Architecture

Percona Backup for MongoDB uses one pbm-agent process per mongod node. The PBM control collections in the MongoDB cluster or non-sharded replicaset itself serve as the central configuration, authentication and coordination channel. Administrators observe and control the backups or restores with a pbm CLI command that they can run from any host with the access to the MongoDB cluster.

A single pbm-agent is only involved with one cluster (or non-sharded replica set). The pbm CLI tool can connect to any cluster it has network access to, so it is possible for one user to list and launch backups or restores on many clusters.

pbm-agent

Percona Backup for MongoDB requires one instance of pbm-agent to be attached locally to each mongod instance. This includes replicaset nodes that are currently secondaries and config server replicaset nodes in a cluster.

There is no pbm-agent config file. Some configuration is required for the service script (e.g. systemd unit file) that will run it though. See Configuring service init scripts.

The pbm-agent‘s backup and restore operations are triggered when it observes updates made to the PBM control collections by the pbm command line utility. In a method similar to the way replica set members elect a new primary the pbm-agent processes in the same replica set ‘elect’ one to do the backup or restore for that replica set.

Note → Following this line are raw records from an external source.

(* Let $c>2/\log e$ and let $n$ be any positive integer. If $d\in[n]$ and $m\ge c\,n\,2^{2d}$, then $\mathcal{F}\sim\mathcal{F}(m,n,d)^{\otimes 2}$ is unsatisfiable with high probability.
   Context: $\log$ denotes base-2 logarithm. $\mathcal{F}(m,n,d)$ is the distribution of random $d$-CNFs on $n$ variables obtained by sampling $m$ clauses independently and uniformly with replacement from the $\binom{n}{d}2^d$ clauses on $d$ distinct variables. For disjoint variable sets $X=\{x_1,\dots,x_n\}$ and $Y=\{y_1,\dots,y_n\}$, $\mathcal{F}(m,n,d)^{\otimes 2}$ is the distribution of $2d$-CNFs obtained by sampling $C^1_1\wedge\dots\wedge C^1_m\sim\mathcal{F}(m,n,d)$ on $X$ and independently $C^2_1\wedge\dots\wedge C^2_m\sim\mathcal{F}(m,n,d)$ on $Y$, and outputting $(C^1_1\vee C^2_1)\wedge\dots\wedge(C^1_m\vee C^2_m)$. ''With high probability'' means with probability tending to $1$ as $n\to\infty$. *)

From Stdlib Require Import Reals.
From Coquelicot Require Import Coquelicot.
From mathcomp Require Import all_boot.

Local Open Scope R_scope.
Set Implicit Arguments.
Unset Strict Implicit.
Unset Printing Implicit Defensive.

Definition log2 (x : R) : R := ln x / ln 2.

(* A clause on d distinct variables among x_0..x_{n-1}:
   f i = None  : variable i does not occur;
   f i = Some true  : literal x_i occurs;
   f i = Some false : literal ~x_i occurs.  This type is in bijection with the
   binom(n,d) 2^d clauses on d distinct variables. *)
Definition clause (n d : nat) :=
  {f : {ffun 'I_n -> option bool} | #|[pred i | f i != None]| == d}.

Definition assignment (n : nat) := {ffun 'I_n -> bool}.

Definition clause_sat (n d : nat) (C : clause n d) (a : assignment n) : bool :=
  [exists i : 'I_n, val C i == Some (a i)].

(* An outcome of F(m,n,d)^{(x)2}: the m clauses C^1_j on X and the
   m clauses C^2_j on Y (each an independent uniform sample). *)
Definition formula2 (m n d : nat) :=
  ({ffun 'I_m -> clause n d} * {ffun 'I_m -> clause n d})%type.

(* Satisfiability of (C^1_1 \/ C^2_1) /\ ... /\ (C^1_m \/ C^2_m)
   over variables X (assignment a) and Y (assignment b). *)
Definition sat2 (m n d : nat) (F : formula2 m n d) : bool :=
  [exists a : assignment n, exists b : assignment n,
     [forall j : 'I_m, clause_sat (F.1 j) a || clause_sat (F.2 j) b]].

(* Probability (uniform measure on all outcomes = independent uniform
   sampling with replacement) that F ~ F(m,n,d)^{(x)2} is satisfiable. *)
Definition prob_sat2 (m n d : nat) : R :=
  INR #|[pred F : formula2 m n d | sat2 F]| / INR #|{: formula2 m n d}|.

(* Union bound over the 4^n pairs of assignments (a, b).  Replacing every
   literal of a clause by the literal that a falsifies maps all clauses onto
   the clauses falsified by a, with fibres of size at most 2^d; so a uniform
   pair of clauses is falsified by (a, b) with probability at least 4^-d.
   Hence (a, b) satisfies all m disjunctions with probability at most
   (1 - 4^-d)^m <= exp (-m 4^-d) <= exp (-c n), and the satisfiability
   probability is at most (4 exp (-c))^n, which tends to 0 as c > 2 ln 2. *)

From Stdlib Require Import Reals Lra.
From Coquelicot Require Import Coquelicot.
From mathcomp Require Import all_boot.

Set Implicit Arguments.
Unset Strict Implicit.
Unset Printing Implicit Defensive.

Local Open Scope nat_scope.

Lemma leq_expn2r m1 m2 e : m1 <= m2 -> m1 ^ e <= m2 ^ e.
Proof. by move=> le_m; elim: e => // e IHe; rewrite !expnS leq_mul. Qed.

Lemma card_ffun_pair_all (I T : finType) (Q : pred (T * T)) :
  #|[pred F : {ffun I -> T} * {ffun I -> T} | [forall j, Q (F.1 j, F.2 j)]]|
  = #|Q| ^ #|I|.
Proof.
pose zip (F : {ffun I -> T} * {ffun I -> T}) := [ffun j => (F.1 j, F.2 j)].
have zip_inj : injective zip.
  move=> [f1 g1] [f2 g2] /ffunP eq_zip.
  by congr pair; apply/ffunP => j; have := eq_zip j; rewrite !ffunE => -[].
rewrite -card_ffun_on -(card_imset _ zip_inj); apply: eq_card => G.
apply/imsetP/ffun_onP => [[F /forallP QF ->] j | QG].
  by rewrite ffunE; exact: QF.
exists ([ffun j => (G j).1], [ffun j => (G j).2]).
  by rewrite inE; apply/forallP => j; rewrite !ffunE -surjective_pairing; exact: QG.
by apply/ffunP => j; rewrite !ffunE -surjective_pairing.
Qed.

Lemma card_le_sum_cover (T U : finType) (S : pred T) (P : U -> pred T) :
  (forall x, S x -> exists u, P u x) -> #|S| <= \sum_(u : U) #|P u|.
Proof.
move=> cover; rewrite -sum1_card big_mkcond /=.
under [X in _ <= X]eq_bigr => u _ do rewrite -sum1_card big_mkcond /=.
rewrite exchange_big /=; apply: leq_sum => x _.
case: ifP => // /cover [u Pux].
by rewrite (bigD1 u) //= [in X in X + _]unfold_in Pux.
Qed.

Section Falsify.

Variables (n d : nat) (a : assignment n).

Definition falsified : pred (clause n d) := [pred C | ~~ clause_sat C a].

Definition falsify_lits (f : {ffun 'I_n -> option bool}) :
  {ffun 'I_n -> option bool} :=
  [ffun i => if f i is Some _ then Some (~~ a i) else None].

Lemma falsify_lits_eq_None f i : (falsify_lits f i == None) = (f i == None).
Proof. by rewrite ffunE; case: (f i). Qed.

Lemma card_falsify_lits (C : clause n d) :
  #|[pred i | falsify_lits (val C) i != None]| == d.
Proof.
have -> : #|[pred i | falsify_lits (val C) i != None]|
          = #|[pred i | val C i != None]|.
  by apply: eq_card => i; rewrite !inE falsify_lits_eq_None.
exact: (valP C).
Qed.

Definition falsify (C : clause n d) : clause n d :=
  exist _ (falsify_lits (val C)) (card_falsify_lits C).

Lemma falsified_falsify C : falsified (falsify C).
Proof.
apply/existsPn => i /=; rewrite ffunE.
by case: (val C i) => //= _; case: (a i).
Qed.

Definition true_lits (C : clause n d) : {set 'I_n} :=
  [set i | val C i == Some (a i)].

(* A clause in the fibre over D is determined by the set of its literals that
   are true under a, which is a subset of the support of D. *)
Lemma card_falsify_fiber (D : clause n d) :
  #|[pred C | falsify C == D]| <= 2 ^ d.
Proof.
set supp := [set i | val D i != None].
have card_supp : #|powerset supp| = 2 ^ d.
  by rewrite card_powerset cardsE (eqP (valP D)).
rewrite -card_supp -(card_in_imset (f := true_lits)).
  apply/subset_leq_card/subsetP => _ /imsetP [C /eqP eqD ->].
  rewrite inE; apply/subsetP => i; rewrite !inE -eqD falsify_lits_eq_None.
  by move/eqP ->.
move=> C1 C2 /eqP eq1 /eqP eq2 /setP eq_true; apply: val_inj; apply/ffunP => i.
have := congr1 (fun C : clause n d => val C i) (etrans eq1 (esym eq2)).
have := eq_true i; rewrite /= !inE !ffunE.
by case: (val C1 i) => [[]|]; case: (val C2 i) => [[]|]; case: (a i).
Qed.

Lemma card_clause_le : #|{: clause n d}| <= 2 ^ d * #|falsified|.
Proof.
rewrite -sum1_card (partition_big falsify falsified) /=; last first.
  by move=> C _; exact: falsified_falsify.
rewrite mulnC -sum_nat_const; apply: leq_sum => D _.
rewrite sum1dep_card; apply: leq_trans (card_falsify_fiber D).
by apply/subset_leq_card/subsetP => C; rewrite !inE.
Qed.

End Falsify.

Arguments falsified {n} d a.

Section ClausePairs.

Variables (n d : nat) (a b : assignment n).

Definition sat_pairs : pred (clause n d * clause n d) :=
  [pred p | clause_sat p.1 a || clause_sat p.2 b].

Lemma card_sat_pairsD :
  #|sat_pairs| + #|falsified d a| * #|falsified d b| = #|{: clause n d}| ^ 2.
Proof.
rewrite -(cardsE (falsified d a)) -(cardsE (falsified d b)) -cardsX.
rewrite -mulnn -card_prod -(cardC sat_pairs); congr (_ + _).
by apply: eq_card => p; rewrite !inE negb_or.
Qed.

Lemma card_sat_pairs_le :
  #|sat_pairs| * 4 ^ d <= #|{: clause n d}| ^ 2 * (4 ^ d - 1).
Proof.
have := card_sat_pairsD.
have Ka := card_clause_le d a; have Kb := card_clause_le d b.
set K := #|{: clause n d}| in Ka Kb *.
set Fa := #|falsified d a| in Ka *; set Fb := #|falsified d b| in Kb *.
move=> eqK; have le_K2 : K ^ 2 <= 4 ^ d * (Fa * Fb).
  by rewrite -mulnn -[4]/(2 * 2) expnMn mulnACA leq_mul.
rewrite mulnBr muln1 -eqK mulnDl (mulnC (Fa * Fb)) -addnBA ?leq_addr //.
by rewrite -eqK in le_K2.
Qed.

End ClausePairs.

Arguments sat_pairs {n} d a b.

Lemma card_sat2_le m n d :
  #|[pred F : formula2 m n d | sat2 F]| * (4 ^ d) ^ m
  <= 4 ^ n * #|{: formula2 m n d}| * (4 ^ d - 1) ^ m.
Proof.
pose P (ab : assignment n * assignment n) :=
  [pred F : formula2 m n d | [forall j, sat_pairs d ab.1 ab.2 (F.1 j, F.2 j)]].
have cover : forall F, sat2 F -> exists ab, P ab F.
  by move=> F /existsP [a /existsP [b sat_ab]]; exists (a, b).
apply: leq_trans (leq_mul (card_le_sum_cover cover) (leqnn _)) _.
rewrite big_distrl /=.
apply: leq_trans (_ : \sum_(ab : assignment n * assignment n)
   (#|{: clause n d}| ^ 2 * (4 ^ d - 1)) ^ m <= _).
  apply: leq_sum => ab _.
  by rewrite card_ffun_pair_all card_ord -expnMn leq_expn2r ?card_sat_pairs_le.
rewrite sum_nat_const !card_prod !card_ffun !card_bool !card_ord -expnMn.
set K := #|{: clause n d}|.
by rewrite (expnMn (K ^ 2)) -expnM (mulnC 2 m) expnM mulnn mulnA.
Qed.

Local Open Scope R_scope.

Lemma INR_expn a k : INR (a ^ k)%N = INR a ^ k.
Proof. by elim: k => [|k IHk] //; rewrite expnS mult_INR IHk. Qed.

Lemma exp_le_exp x y : x <= y -> exp x <= exp y.
Proof. by move=> le_xy; apply: Rnot_lt_le => /exp_lt_inv; lra. Qed.

Lemma exp_pow x k : exp x ^ k = exp (INR k * x).
Proof. by rewrite -Rpower_pow; [rewrite /Rpower ln_exp | exact: exp_pos]. Qed.

Lemma prob_sat2_le m n d : prob_sat2 m n d <= 4 ^ n * (1 - / 4 ^ d) ^ m.
Proof.
have INR4 : INR 4 = 4 by rewrite /=; ring.
have Q_ge1 : 1 <= 4 ^ d by apply: pow_R1_Rle; lra.
have inv_Q_le1 : / 4 ^ d <= 1.
  by rewrite -Rinv_1; apply: Rinv_le_contravar; lra.
have bound_ge0 : 0 <= 4 ^ n * (1 - / 4 ^ d) ^ m.
  by apply: Rmult_le_pos; apply: pow_le; lra.
have /leP/le_INR := card_sat2_le m n d.
rewrite !mult_INR !INR_expn minus_INR; last exact/leP/expn_gt0.
rewrite INR_expn INR4 /prob_sat2; change (INR 1) with 1.
set S := INR #|_|; set T := INR #|_|.
have /Rle_lt_or_eq_dec [T_gt0 | T_eq0] : 0 <= T by exact: pos_INR.
  have -> : 4 ^ d - 1 = (1 - / 4 ^ d) * 4 ^ d by field; lra.
  rewrite Rpow_mult_distr => le_S; apply/Rle_div_l => //.
  apply: (Rmult_le_reg_r ((4 ^ d) ^ m)); first by apply: pow_lt; lra.
  lra.
(* No clauses at all (d > n): the probability is the junk value 0 / 0 = 0. *)
by move=> _; rewrite -T_eq0 /Rdiv Rinv_0 Rmult_0_r.
Qed.

Lemma prob_sat2_le_geom (c : R) m n d :
  INR m >= c * INR n * 2 ^ (2 * d) -> prob_sat2 m n d <= (4 * exp (- c)) ^ n.
Proof.
move=> hm; apply: Rle_trans (prob_sat2_le m n d) _.
have Q_gt0 : 0 < 4 ^ d by apply: pow_lt; lra.
have inv_Q_le1 : / 4 ^ d <= 1.
  by rewrite -Rinv_1; apply: Rinv_le_contravar; [lra | apply: pow_R1_Rle; lra].
rewrite Rpow_mult_distr; apply: Rmult_le_compat_l; first by apply: pow_le; lra.
apply: Rle_trans (_ : exp (- / 4 ^ d) ^ m <= _).
  apply: pow_incr; split; first lra.
  by have := exp_ineq1_le (- / 4 ^ d); lra.
rewrite !exp_pow; apply: exp_le_exp.
rewrite pow_mult (_ : 2 ^ 2 = 4) in hm; last ring.
have scaled : c * INR n <= INR m * / 4 ^ d.
  apply: (Rmult_le_reg_r (4 ^ d)) => //.
  have -> : INR m * / 4 ^ d * 4 ^ d = INR m by field; lra.
  lra.
lra.
Qed.

Lemma prob_sat2_ge0 m n d : 0 <= prob_sat2 m n d.
Proof.
rewrite /prob_sat2; have := pos_INR #|{: formula2 m n d}|.
case/Rle_lt_or_eq_dec => [T_gt0 | <-].
  by apply: Rdiv_le_0_compat => //; exact: pos_INR.
by rewrite /Rdiv Rinv_0 Rmult_0_r; lra.
Qed.

Lemma four_exp_neg_lt1 c : c > 2 / log2 (exp 1) -> 4 * exp (- c) < 1.
Proof.
have ln2_gt0 : 0 < ln 2 by rewrite -ln_1; apply: ln_increasing; lra.
rewrite /log2 ln_exp (_ : 2 / (1 / ln 2) = ln 4); last first.
  rewrite (_ : 4 = 2 * 2); last ring.
  by rewrite ln_mult; [field; lra | lra | lra].
move=> /Ropp_lt_contravar/exp_increasing.
by rewrite (exp_Ropp (ln 4)) exp_ln; lra.
Qed.

Theorem mainTheorem4 (c : R) (hc : c > 2 / log2 (exp 1))
  (d m : nat -> nat)
  (hd : forall n : nat, (0 < n)%N -> (1 <= d n <= n)%N)
  (hm : forall n : nat, (0 < n)%N ->
          INR (m n) >= c * INR n * 2 ^ (2 * d n))
  : is_lim_seq (fun n => prob_sat2 (m n) n (d n)) (Rbar.Finite 0).
Proof.
(* The bound of prob_sat2_le_geom holds for every d. *)
have r_lt1 := four_exp_neg_lt1 hc.
have r_ge0 : 0 <= 4 * exp (- c) by have := exp_pos (- c); lra.
apply: (is_lim_seq_le_le_loc (fun _ => 0) _ (fun n => (4 * exp (- c)) ^ n)).
- exists 1%N => n /leP n_gt0; split; first exact: prob_sat2_ge0.
  exact: prob_sat2_le_geom (hm n n_gt0).
- exact: is_lim_seq_const.
- by apply: is_lim_seq_geom; rewrite Rabs_right; lra.
Qed.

PBM Command Line Utility (pbm)

pbm is the command you will use manually in the shell, and it will also work as a command that can be executed in scripts (for example, by crond). It manages your backups through a set of sub-commands:

$ pbm help
usage: pbm [<flags>] <command> [<args> ...]

Percona Backup for MongoDB

Flags:
  --help                     Show context-sensitive help (also try --help-long
                             and --help-man).
  --mongodb-uri=MONGODB-URI  MongoDB connection string. Default value read from
                             environment variable PBM_MONGODB_URI.

Commands:
  help [<command>...]
    Show help.

  config [<flags>]
    Set, change or list the config

  backup
    Make backup

  restore <backup_name>
    Restore backup

  delete-backup <backup_name> [<flags>]
    Delete backup(s)

  cancel-backup
    Cancel backup

  list [<flags>]
    Backup list

  version [<flags>]
    PBM version info

pbm modifies the PBM config by saving it in the PBM control collection for config values. Likewise it starts and monitors backup or restore operations by updating and reading other PBM control collections for operations, log, etc.

pbm does not have its own config and/or cache files per se. Setting the PBM_MONGODB_URI environment variable in your shell is a configuration-like step that should be done for practical ease though. (Without PBM_MONGODB_URI the --mongodb-uri command line argument will need to be specified each time.)

PBM Control Collections

The config and state (current and historical) for backups is stored in collections in the MongoDB cluster or non-sharded replica set itself. These are put in the system admin db of the config server replica set to keep them cleanly separated from user db namespaces. (In a non-sharded replicaset the admin db of the replica set itself is used.)

  • admin.pbmConfig
  • admin.pbmCmd (Used to define and trigger operations)
  • admin.pbmLock (pbm-agent synchronization-lock structure)
  • admin.pbmBackup (Log / status of each backup)

The pbm command line tool creates these collections as needed. You do not have to maintain these collections, but you should not drop them unnecessarily either. Dropping them during a backup will cause an abort of the backup.

Filling the config collection is a prerequisite to using PBM for executing backups or restores. (See config page later.)

Remote Backup Storage

Conceptually or actually PBM saves your files to a directory. Conceptually in the case of object store; actually if you are using filesystem-type remote storage. Using pbm list, a user can scan this directory to find existing backups even if they never used pbm on their computer before.

The files are prefixed with the (UTC) starting time of the backup. For each backup there is one metadata file. For each replicaset in the backup:

  • A mongodump-format compressed archive that is the dump of collections
  • A (compressed) BSON file dump of the oplog covering the timespan of the backup.

The end time of the oplog slice(s) is the data-consistent point in time of a backup snapshot.